Authentic Greek Fava recipe (Yellow Split Peas Puree)
Posted in All our regional recipes, Appetizer & Meze, Beginner, Boiled, Lemony specials!, Our hand picked recipes, Santorini, Traditional Greek dips, Traditional Greek Easter Lent recipes, Vegetarian Originally published on November 15, 2013 Last updated on May 26, 2014 By Eli K. Giannopoulos
A delicious traditional veggie dish straight from the island of Santorini! Creamy and super tasty, the perfect starter for a cold winters day. If you’ve been looking for a fava recipe that actually tastes like the one served in Greece, then you have to try this authentic Greek fava recipe. Serve as a delicious appetizer or dip with a drizzle of extra virgin olive oil. Enjoy!
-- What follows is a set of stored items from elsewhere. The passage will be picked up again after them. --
(* Assume $-1\in\mathbb F^2$ and let $J=JCK(Z,\delta)$, with $Z$-basis $\{1,v_1,v_2,v_3\}$ of $J_{\bar0}$ and $\{y,y_1,y_2,y_3\}$ of $J_{\bar1}$ as in the context. Then there is an injective group homomorphism from the symmetric group $S_4$ into the automorphism group of $J$ (with image consisting of even $Z$-linear automorphisms) such that: $\tau_1=(1\,2)(3\,4)$ acts as the identity on $J^{[\bar0,\bar0]}\oplus J^{[\bar1,\bar1]}$ and as $-1$ on $J^{[\bar1,\bar0]}\oplus J^{[\bar0,\bar1]}$; $\tau_2=(2\,3)(4\,1)$ acts as the identity on $J^{[\bar0,\bar0]}\oplus J^{[\bar1,\bar0]}$ and as $-1$ on $J^{[\bar0,\bar1]}\oplus J^{[\bar1,\bar1]}$; $\varphi=(1\,2\,3)$ acts as the $Z$-linear map with $\varphi(1)=1$, $\varphi(y)=y$, $\varphi(v_i)=v_{i+1}$, $\varphi(y_i)=y_{i+1}$ (indices mod 3); $\tau=(1\,2)$ acts as the $Z$-linear map with $\tau(1)=1$, $\tau(y)=y$, $\tau(v_1)=-v_2$, $\tau(v_2)=-v_1$, $\tau(v_3)=-v_3$, $\tau(y_1)=-y_2$, $\tau(y_2)=-y_1$, $\tau(y_3)=-y_3$.
   Context: Let $\mathbb F$ be a field of characteristic $\neq 2$, $Z$ a unital commutative associative $\mathbb F$-algebra, and $\delta$ a derivation of $Z$ such that $Z\delta(Z)=Z$ (the $\mathbb F$-span of all products $f\delta(g)$, $f,g\in Z$, is $Z$). The Cheng-Kac Jordan superalgebra $J=JCK(Z,\delta)=J_{\bar0}\oplus J_{\bar1}$ is defined as follows: $J_{\bar0}=Z1\oplus Zw_1\oplus Zw_2\oplus Zw_3$ and $J_{\bar1}=Zx\oplus Zx_1\oplus Zx_2\oplus Zx_3$ are free $Z$-modules of rank 4; $J_{\bar0}$ is the $Z$-algebra $(\mathbb F1\oplus\mathbb Fw_1\oplus\mathbb Fw_2\oplus\mathbb Fw_3)\otimes_{\mathbb F}Z$ with $1$ the identity, $w_1^2=w_2^2=1$, $w_3^2=-1$, $w_iw_j=0$ for $i\ne j$. For $f,g\in Z$ and $i,j\in\{1,2,3\}$ the remaining products are: $f(gx)=(fg)x$, $f(gx_j)=(fg)x_j$, $(fw_i)(gx)=(\delta(f)g)x_i$, $(fw_i)(gx_j)=-(fg)x_{i\times j}$, $(fx)(gx)=\delta(f)g-f\delta(g)$, $(fx)(gx_j)=-(fg)w_j$, $(fx_i)(gx)=(fg)w_i$, $(fx_i)(gx_j)=0$, extended by supercommutativity ($ab=(-1)^{|a||b|}ba$), where $x_{1\times2}=-x_{2\times1}=x_3$, $x_{1\times3}=-x_{3\times1}=x_2$, $x_{3\times2}=-x_{2\times3}=x_1$, $x_{i\times i}=0$. $J$ is $\mathbb Z_2^2$-graded by $J^{[\bar0,\bar0]}=Z\oplus Zx$, $J^{[\bar1,\bar0]}=Zw_1\oplus Zx_1$, $J^{[\bar0,\bar1]}=Zw_2\oplus Zx_2$, $J^{[\bar1,\bar1]}=Zw_3\oplus Zx_3$. When $-1\in\mathbb F^2$, fix $\sqrt{-1}\in\mathbb F$ and set $v_1=\sqrt{-1}w_1$, $v_2=\sqrt{-1}w_2$, $v_3=w_3$, $y=x$, $y_1=\sqrt{-1}x_1$, $y_2=\sqrt{-1}x_2$, $y_3=x_3$. *)

From HB Require Import structures.
From mathcomp Require Import all_boot all_order all_algebra all_fingroup.
Set Implicit Arguments. Unset Strict Implicit. Unset Printing Implicit Defensive.
Import GRing.Theory.
Local Open Scope ring_scope.

(* E1 = 1, W1 W2 W3 = w_1 w_2 w_3 (even), X = x, X1 X2 X3 = x_1 x_2 x_3 (odd) *)
Inductive CKbasis := E1 | W1 | W2 | W3 | X | X1 | X2 | X3.

Definition CKb_to_ord (b : CKbasis) : 'I_8 :=
  match b with
  | E1 => @Ordinal 8 0 isT | W1 => @Ordinal 8 1 isT | W2 => @Ordinal 8 2 isT
  | W3 => @Ordinal 8 3 isT | X => @Ordinal 8 4 isT | X1 => @Ordinal 8 5 isT
  | X2 => @Ordinal 8 6 isT | X3 => @Ordinal 8 7 isT end.
Definition CKb_of_ord (i : 'I_8) : CKbasis :=
  match val i with
  | 0 => E1 | 1 => W1 | 2 => W2 | 3 => W3 | 4 => X | 5 => X1 | 6 => X2 | _ => X3 end.
Lemma CKb_to_ordK : cancel CKb_to_ord CKb_of_ord. Proof. by case. Qed.
HB.instance Definition _ := Equality.copy CKbasis (can_type CKb_to_ordK).
HB.instance Definition _ := Choice.copy CKbasis (can_type CKb_to_ordK).
HB.instance Definition _ := Countable.copy CKbasis (can_type CKb_to_ordK).
HB.instance Definition _ := Finite.copy CKbasis (can_type CKb_to_ordK).
Lemma metric_locally_relcompact (T : topologicalType) (d : T -> T -> Rdefinitions.R) :
  is_metric d ->
  (forall x : T, exists W C, [/\ open W, W x, compact C & W `<=` C]) ->
  locally_relcompact T.
Proof.
move=> hd lc O x oO Ox.
have [W [C [oW Wx cC WC]]] := lc x.
have [e [e0 he]] := metric_ball_sub hd (openI oO oW) (conj Ox Wx).
pose B := [set y | (d x y < e / 2)%R].
have clB : closure B `<=` [set y | (d x y < e)%R].
  have Bcball : B `<=` [set y | (d x y <= e / 2)%R] by move=> z /ltW.
  have clBcball := closure_sub_closed (metric_cball_closed hd (x:=x) (e:=(e / 2)%R)).
  by move=> y /(clBcball _ Bcball) /=; lra.
exists B; first by apply: (metric_ball_center hd); lra.
split; first exact: (metric_ball_open hd).
- apply: (subclosed_compact (@closed_closure _ _) cC).
  by move=> y /clB /he [] _ /WC.
- by move=> y /clB /he [].
Qed.

Section WholeSubspace.
Context {T : topologicalType}.
Local Notation T' := (set_type [set: T]).

Definition to_setT (x : T) : T' := exist _ x (mem_set (I : [set: T] x)).

Lemma to_setTK : cancel set_val to_setT.
Proof. by move=> y; apply/val_inj. Qed.

Lemma open_setT_preimage (A : set T) : open (set_val @^-1` A : set T') -> open A.
Proof.
move=> /subspace_openP[W oW E].
by rewrite -[A]/(fun x => (set_val @^-1` A) (to_setT x)) E.
Qed.

Lemma closed_setT_preimage (A : set T) : closed (set_val @^-1` A : set T') -> closed A.
Proof.
move=> cA; rewrite -[A]setCK; apply/open_closedC/open_setT_preimage.
exact: closed_openC.
Qed.

Lemma metrizable_setT : metrizable T' -> metrizable T.
Proof.
case=> d [d0 ds dt op]; exists (fun x y => d (to_setT x) (to_setT y)); split.
- move=> x y; rewrite d0; split=> [/(congr1 set_val)//|->//].
- by move=> x y; rewrite ds.
- by move=> x y z; rewrite dt.
- move=> A; split=> [oA x Ax|hA].
    have /op/(_ (to_setT x) Ax)[e [e0 he]] := open_set_val_preimage [set: T] oA.
    by exists e; split => // y hy; exact: (he (to_setT y)).
  apply: open_setT_preimage; apply/op => x Ax.
  have [e [e0 he]] := hA _ Ax.
  by exists e; split => // y hy; apply: he; rewrite /= !to_setTK.
Qed.

Lemma separable_setT : separable T' -> separable T.
Proof.
case=> D [cD dD]; exists (set_val @` D); split.
- move: cD => /pcard_injP[f finj]; apply/pcard_injP.
  exists (fun y => f (to_setT y)) => y1 y2 /[!in_setE] -[a Da <-] -[b Db <-].
  by rewrite !to_setTK => /(finj a b); rewrite !in_setE => /(_ Da Db) ->.
- move=> O [x Ox] oO.
  have [|a [Oa Da]] := dD _ _ (open_set_val_preimage [set: T] oO).
    by exists (to_setT x).
  by exists (set_val a); split => //; exists a.
Qed.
- 500g yellow split peas (18 ounces)
- 3 red onions, roughly chopped
- 2 cloves of garlic, chopped
- 1 lt warm water (3 and 1/3 cups)
- juice of 2 lemons
- 1/3 of a cup olive oil
- salt and freshly pepper
- Rinse the split peas with plenty of water.
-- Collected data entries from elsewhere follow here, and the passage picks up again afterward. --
Lemma sum_complex (I : finType) (P : pred I) (f g : I -> R) :
  \sum_(i | P i) (f i +i* g i) = (\sum_(i | P i) f i) +i* (\sum_(i | P i) g i).
Proof. by apply: (big_rec3 (fun a b c => a = b +i* c)) => // i y1 y2 y3 _ ->. Qed.

Lemma cis_periodic (t : R) (k : int) : cis (t + 2 * pi * k%:~R) = cis t.
Proof.
have cisDn (s : R) (l : nat) : cis (s + 2 * pi * l%:R) = cis s.
  rewrite /cis mulr_natr mulr_natl.
  by rewrite (periodicn (@cosD2pi R)) (periodicn (@sinD2pi R)).
case: k => l; first exact: cisDn.
by rewrite -(cisDn _ l.+1) NegzE intrN mulrN addrNK.
Qed.

Lemma cis_eq1 (t : R) : 0 < t < 2 * pi -> cis t != 1.
Proof.
move=> t_range; apply/negP => /eqP /(congr1 (@complex.Re R)).
have -> : t = (t / 2) *+ 2 by rewrite -mulr_natr divfK // pnatr_eq0.
have sin_gt0 : 0 < sin (t / 2) by apply: sin_gt0_pi; lra.
rewrite /= cos_mulr2n cos2sin2 mulr2n; nra.
Qed.

Definition zeta (m : nat) (k : int) : R[i] := cis (2 * pi * (k%:~R / m%:R)).

Lemma zetaD m (k l : int) : zeta m (k + l) = zeta m k * zeta m l.
Proof. by rewrite /zeta -cisD; congr cis; rewrite intrD; ring. Qed.

Lemma normr_zeta m (k : int) : `|zeta m k| = 1.
Proof. exact: normr_cis. Qed.

Lemma zeta_mod m (k l : int) : (0 < m)%N -> (k = l %[mod m])%Z -> zeta m k = zeta m l.
Proof.
move=> m_gt0 /eqP; rewrite eqz_mod_dvd => /dvdzP [q kl].
have zeta_period : zeta m (q * m) = 1.
  rewrite /zeta intrM -pmulrn mulfK ?pnatr_eq0 -?lt0n //.
  by rewrite -[_ * _]add0r cis_periodic /cis cos0 sin0.
by rewrite -(subrK l k) kl zetaD zeta_period mul1r.
Qed.

Lemma zeta_eq1 m (r : nat) : (0 < r < m)%N -> zeta m r != 1.
Proof.
move=> /andP [r_gt0 r_lt_m]; apply: cis_eq1.
have m_gt0 : (0 : R) < m%:R by rewrite ltr0n (ltn_trans r_gt0).
have x_gt0 : (0 : R) < r%:R / m%:R by rewrite divr_gt0 // ltr0n.
have x_lt1 : (r%:R / m%:R : R) < 1 by rewrite ltr_pdivrMr // mul1r ltr_nat.
have pi_pos := pi_gt0 R.
rewrite -pmulrn; nra.
Qed.

End ComplexExponential.

Section ZpCharacter.
Variable m : nat.
Hypothesis m_gt1 : (1 < m)%N.

Lemma Zp_intr_eq0 (z : int) : ((z%:~R : 'Z_m) == 0) = (m%:Z %| z)%Z.
Proof.
have m_neq0 : m%:Z != 0 by rewrite -lt0n ltnW.
rewrite {1}(divz_eq z m) rmorphD rmorphM /= -pmulrn pchar_Zp // mulr0 add0r.
have mod_ge0 := modz_ge0 z m_neq0.
have mod_lt : (`|(z %% m)%Z| < m)%N.
  by rewrite -ltz_nat gez0_abs // ltz_pmod // ltz_nat ltnW.
rewrite -(gez0_abs mod_ge0) -pmulrn.
apply/eqP/dvdz_mod0P => [/(congr1 (@nat_of_ord _)) | ->]; last by [].
by rewrite val_Zp_nat // modn_small // => /eqP; rewrite absz_eq0 => /eqP.
Qed.

Variable R : realType.

Definition Zp_char (y : 'Z_m) : R[i] := zeta R m (y : nat).

Lemma Zp_char_intr (z : int) : Zp_char z%:~R = zeta R m z.
Proof.
apply: zeta_mod; first exact: ltnW.
apply/eqP; rewrite eqz_mod_dvd -Zp_intr_eq0 rmorphB /=.
by rewrite -pmulrn natr_Zp subrr.
Qed.

Lemma Zp_char_natr (k : nat) : Zp_char k%:R = zeta R m k.
Proof. by rewrite -Zp_char_intr. Qed.

Lemma Zp_charD (x y : 'Z_m) : Zp_char (x + y) = Zp_char x * Zp_char y.
Proof. by rewrite -[x]natr_Zp -[y]natr_Zp -natrD !Zp_char_natr PoszD zetaD. Qed.

Lemma normr_Zp_char (y : 'Z_m) : `|Zp_char y| = 1.
Proof. exact: normr_zeta. Qed.

Lemma Zp_char0 : Zp_char 0 = 1.
Proof.
have char0_neq0 : Zp_char 0 != 0 by rewrite -normr_eq0 normr_Zp_char oner_eq0.
by apply: (mulfI char0_neq0); rewrite -Zp_charD addr0 mulr1.
Qed.

Lemma Zp_char_eq1 (y : 'Z_m) : (Zp_char y == 1) = (y == 0).
Proof.
apply/idP/eqP => [|->]; last by rewrite Zp_char0.
apply: contraTeq => y_neq0; apply: zeta_eq1.
have y_lt_m : (y < m)%N by rewrite -[X in (_ < X)%N](Zp_cast m_gt1) ltn_ord.
rewrite lt0n y_lt_m andbT.
by apply: contra y_neq0 => /eqP y0; apply/eqP/val_inj.
Qed.

End ZpCharacter.

Lemma sum_expr_unity (F : idomainType) (z : F) (p : nat) : z ^+ p = 1 ->
  \sum_(v < p) z ^+ v = if z == 1 then p%:R else 0.
Proof.
move=> zp1; case: eqP => [-> | /eqP z_neq1].
  by rewrite (eq_bigr (fun _ => 1)) ?sumr_const ?card_ord // => v _; rewrite expr1n.
have : (z - 1) * \sum_(v < p) z ^+ v = 0 by rewrite -subrX1 zp1 subrr.
by move/eqP; rewrite mulf_eq0 subr_eq0 (negbTE z_neq1) => /eqP.
Qed.

Lemma sum_twist_restrict (F : numFieldType) (T : finType) (P : pred T) (f z : T -> F)
    (sigma : nat -> T -> T) (p : nat) :
  (0 < p)%N -> (forall v, injective (sigma v)) ->
  (forall v x, P (sigma v x) = P x) ->
  (forall v x, P x -> f (sigma v x) = f x * z x ^+ v) ->
  (forall x, P x -> z x ^+ p = 1) ->
  \sum_(x | P x) f x = \sum_(x | P x && (z x == 1)) f x.
Proof.
(* Each sigma v reindexes the sum; summing over v < p, the geometric sums in z x
   vanish unless z x = 1. *)
move=> p_gt0 sigma_inj sigmaP sigma_f zp1.
have shift v : \sum_(x | P x) f x = \sum_(x | P x) f x * z x ^+ v.
  rewrite (reindex_inj (sigma_inj v)) /=.
  by under eq_bigl do rewrite sigmaP; apply: eq_bigr => x /sigma_f ->.
apply: (mulfI (_ : p%:R != 0)); first by rewrite pnatr_eq0 -lt0n.
rewrite [LHS]mulr_natl -[in LHS](card_ord p) -sumr_const.
transitivity (\sum_(v < p) \sum_(x | P x) f x * z x ^+ v).
  by apply: eq_bigr => v _; exact: shift.
rewrite exchange_big big_mkcondr mulr_sumr; apply: eq_bigr => x Px.
rewrite -mulr_sumr sum_expr_unity ?zp1 //.
by case: (z x == 1); rewrite ?mulr0 // mulrC.
Qed.

Definition mxform (R : pzSemiRingType) n (A Y : 'M[R]_n) : R :=
  \sum_(i < n) \sum_(j < n) A i j * Y i j.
- Heat a large pot over medium-high heat; add 2-3 tbsps olive oil, the chopped onions, garlic and some fresh thyme and sauté.
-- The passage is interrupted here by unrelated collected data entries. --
Lemma isometry_tens1 n k d (E : 'M[algC]_(n, k)) :
  is_isometry E -> is_isometry (E *t (1%:M : 'M[algC]_d)).
Proof. by rewrite /is_isometry dagger_tens tensmx_mul => ->; rewrite dagger1 mulmx1 tensmx11. Qed.

Lemma code_proj_tens1 n k d (E : 'M[algC]_(n, k)) :
  code_proj (E *t (1%:M : 'M[algC]_d)) = code_proj E *t 1%:M.
Proof. by rewrite /code_proj dagger_tens tensmx_mul dagger1 mulmx1. Qed.

Lemma code_proj_isometry n k (V : 'M[algC]_(n, k)) : is_isometry V -> code_proj V *m V = V.
Proof. by rewrite /code_proj -mulmxA => ->; rewrite mulmx1. Qed.

Lemma mxtrace_isometry_conj n k (V : 'M[algC]_(n, k)) (S : 'M[algC]_k) :
  is_isometry V -> \tr (V *m S *m dagger V) = \tr S.
Proof. by move=> isoV; rewrite mxtrace_mulC mulmxA isoV mul1mx. Qed.

Lemma in_code_factor n k m (E : 'M[algC]_(n, k)) (G : 'M[algC]_(n, m)) :
  is_isometry E -> \tr (code_proj E *m (G *m dagger G)) = \tr (G *m dagger G) ->
  code_proj E *m G = G.
Proof.
move=> isoE trPG; set P := code_proj E in trPG *.
have P_herm : dagger P = P by rewrite /P /code_proj dagger_mul daggerK.
have PP : P *m P = P by rewrite /P /code_proj mulmxA -(mulmxA E) isoE mulmx1.
have sqr_Pc : (P - 1%:M) *m (P - 1%:M) = 1%:M - P.
  by rewrite mulmxBl !mulmxBr PP !mulmx1 subrr mul1mx sub0r opprB.
apply/eqP; rewrite -subr_eq0 -{2}[G]mul1mx -mulmxBl; apply/eqP; apply: gram_eq0.
rewrite dagger_mul daggerB dagger1 P_herm mulmxA mxtrace_mulC !mulmxA sqr_Pc -mulmxA.
by rewrite mulmxBl mul1mx raddfB /= trPG subrr.
Qed.

Lemma experiment_outcome_ST_B a b k (E : 'M[algC]_(a * b, k)) (rho : 'M[algC]_(a * b)) :
  is_isometry E -> experiment_outcome E rho -> ST_B E rho.
Proof.
move=> isoE [d [sigma [[psd_sigma tr_sigma] [d' [r [K [krausK ->]]]]]]] /=.
set V := E *t 1%:M; set enc := V *m sigma *m dagger V.
have isoV : is_isometry V by apply: isometry_tens1.
have eqB := ptrace2_kraus_lift (a := a) enc krausK.
have tr_enc : \tr enc = 1 by rewrite mxtrace_isometry_conj.
split.
  split; first by apply: psd_ptrace2; apply: psd_sum => i; do 2!apply: psd_conj.
  by rewrite -mxtrace_ptrace2 eqB !mxtrace_ptrace2.
exists (ptrace2 enc); split; last exact: eqB.
split; first by split; [apply: psd_ptrace2; apply: psd_conj | rewrite mxtrace_ptrace2].
by rewrite mxtrace_mul_ptrace2 -code_proj_tens1 /enc !mulmxA code_proj_isometry.
Qed.

Lemma ST_B_experiment_outcome a b k (E : 'M[algC]_(a * b, k)) (rho : 'M[algC]_(a * b)) :
  is_isometry E -> ST_B E rho -> experiment_outcome E rho.
Proof.
move=> isoE [[psd_rho _] [rho' [[[psd_rho' tr_rho'] tr_P_rho'] eqB]]].
have [F defF] := psd_factor psd_rho; have [G defG] := psd_factor psd_rho'.
have PG : code_proj E *m G = G by apply: in_code_factor; rewrite // -defG tr_P_rho'.
have eqFG : regroup F *m dagger (regroup F) = regroup G *m dagger (regroup G).
  by rewrite -!ptrace2_gram -defF -defG eqB.
have [Y0 [Y1 [GY0 GY1 krausY]]] := eq_gram_kraus_pair eqFG.
pose t := mxcvec (dagger E *m G).
exists (a * b)%N, (t *m dagger t); split.
  split; first exact: psd_gram.
  rewrite -mxtrace_ptrace2 ptrace2_mxcvec dagger_mul daggerK !mulmxA mxtrace_mulC !mulmxA.
  by rewrite -mulmxA -defG.
exists (a * b)%N, 2, (fun i : 'I_2 => if i == ord0 then Y0^T else Y1^T); split.
  by rewrite /kraus !big_ord_recl big_ord0 addr0 /= !dagger_trmx_mul -raddfD /= krausY trmx1.
have Et : (E *t 1%:M) *m t = mxcvec G by rewrite tensmx_mul_mxcvec trmx1 mulmx1 mulmxA PG.
have conj_rank1 m n (L : 'M[algC]_(m, n)) (v : 'cV_n) :
    L *m (v *m dagger v) *m dagger L = (L *m v) *m dagger (L *m v).
  by rewrite dagger_mul !mulmxA.
rewrite /= conj_rank1 Et /apply_kraus !big_ord_recl big_ord0 addr0 /= !conj_rank1.
rewrite !lift_B_mul_mxcvec !trmxK GY0 GY1 mxcvec_regroup mxcvec0 castmx_const.
by rewrite mul0mx addr0 ptrace2_mxcvec defF.
Qed.

Theorem mainTheorem11 (a b k : nat) (E : 'M[algC]_(a * b, k)) :
  is_isometry E ->
  forall rho : 'M[algC]_(a * b), experiment_outcome E rho <-> ST_B E rho.
Proof.
move=> isoE rho; split; [exact: experiment_outcome_ST_B | exact: ST_B_experiment_outcome].
Qed.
- As soon as the onions start to caramelise add the peas and blend. Pour in the warm water and the olive oil, turn the heat down to medium and season well with salt and pepper. Simmer with the lid on for about 40-50 minutes, until the split peas are thick and mushy. While the split peas boil, some white foam will probably surface on the water. Remove the foam with a slotted spoon.
- When done, pour in the lemon juice and transfer the mixture in food processor. Mix, until the peas become smooth and creamy, like a puree.
- Serve the fava with a drizzle of olive oil, a tablespoon of diced onion and some capper or chopped parsley. Enjoy!